**Action item**
Return the data that follows, keeping every word and mark unchanged.
Material for the task START
Lemma trnorm_pt_pure_bounds k : (\rank coef_mx <= k)%N ->
  1 + sqrtC (2 * (1 - purity)) <= trnorm (mx_of pt_pure)
    <= 1 + sqrtC ((k * (k - 1))%:R * (1 - purity)).
Proof.
move=> rank_k; rewrite trnorm_pt_pure.
have card_specS : leq #|[pred i | specS 0 i != 0]| k.
  apply: leq_trans (card_spectral_diag_neq0 (gram_normal _)) _.
  exact: leq_trans (mxrankM_maxl _ _) rank_k.
have card_specR : leq #|[pred i | specR 0 i != 0]| k.
  apply: leq_trans (card_spectral_diag_neq0 (gram_normal _)) _.
  by apply: leq_trans (mxrankM_maxl _ _) _; rewrite mxrank_tr.
apply: mulr_between_sqr; try by apply: sumr_ge0 => i _; rewrite sqrtC_ge0.
  by rewrite -sum_specS_sqr sqr_sum_sqrtC_lower ?sqr_sum_sqrtC_upper.
by rewrite -sum_specR_sqr sqr_sum_sqrtC_lower ?sqr_sum_sqrtC_upper.
Qed.

End PureBipartite.

Definition split_A_BC {dA dB dC : nat} (x : 'I_dA * ('I_dB * 'I_dC)) : idx3 dA dB dC :=
  ((x.1, x.2.1), x.2.2).
Definition split_AC_B {dA dB dC : nat} (x : ('I_dA * 'I_dC) * 'I_dB) : idx3 dA dB dC :=
  ((x.1.1, x.2), x.1.2).
(* Eta-expanded so that [pt_pure (psi \o split_AB_C)] is convertible to
   [ptAB (proj_state psi)]. *)
Definition split_AB_C {dA dB dC : nat} (x : ('I_dA * 'I_dB) * 'I_dC) : idx3 dA dB dC :=
  ((x.1.1, x.1.2), x.2).

Lemma split_A_BC_bij dA dB dC : bijective (@split_A_BC dA dB dC).
Proof. by exists (fun x => (x.1.1, (x.1.2, x.2))) => [[a [b c]]|[[a b] c]]. Qed.

Lemma split_AC_B_bij dA dB dC : bijective (@split_AC_B dA dB dC).
Proof. by exists (fun x => ((x.1.1, x.2), x.1.2)) => [[[a c] b]|[[a b] c]]. Qed.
Material for the task END
**Answer for this exercise**
Lemma trnorm_pt_pure_bounds k : (\rank coef_mx <= k)%N ->
  1 + sqrtC (2 * (1 - purity)) <= trnorm (mx_of pt_pure)
    <= 1 + sqrtC ((k * (k - 1))%:R * (1 - purity)).
Proof.
move=> rank_k; rewrite trnorm_pt_pure.
have card_specS : leq #|[pred i | specS 0 i != 0]| k.
  apply: leq_trans (card_spectral_diag_neq0 (gram_normal _)) _.
  exact: leq_trans (mxrankM_maxl _ _) rank_k.
have card_specR : leq #|[pred i | specR 0 i != 0]| k.
  apply: leq_trans (card_spectral_diag_neq0 (gram_normal _)) _.
  by apply: leq_trans (mxrankM_maxl _ _) _; rewrite mxrank_tr.
apply: mulr_between_sqr; try by apply: sumr_ge0 => i _; rewrite sqrtC_ge0.
  by rewrite -sum_specS_sqr sqr_sum_sqrtC_lower ?sqr_sum_sqrtC_upper.
by rewrite -sum_specR_sqr sqr_sum_sqrtC_lower ?sqr_sum_sqrtC_upper.
Qed.

End PureBipartite.

Definition split_A_BC {dA dB dC : nat} (x : 'I_dA * ('I_dB * 'I_dC)) : idx3 dA dB dC :=
  ((x.1, x.2.1), x.2.2).
Definition split_AC_B {dA dB dC : nat} (x : ('I_dA * 'I_dC) * 'I_dB) : idx3 dA dB dC :=
  ((x.1.1, x.2), x.1.2).
(* Eta-expanded so that [pt_pure (psi \o split_AB_C)] is convertible to
   [ptAB (proj_state psi)]. *)
Definition split_AB_C {dA dB dC : nat} (x : ('I_dA * 'I_dB) * 'I_dC) : idx3 dA dB dC :=
  ((x.1.1, x.1.2), x.2).

Lemma split_A_BC_bij dA dB dC : bijective (@split_A_BC dA dB dC).
Proof. by exists (fun x => (x.1.1, (x.1.2, x.2))) => [[a [b c]]|[[a b] c]]. Qed.

Lemma split_AC_B_bij dA dB dC : bijective (@split_AC_B dA dB dC).
Proof. by exists (fun x => ((x.1.1, x.2), x.1.2)) => [[[a c] b]|[[a b] c]]. Qed.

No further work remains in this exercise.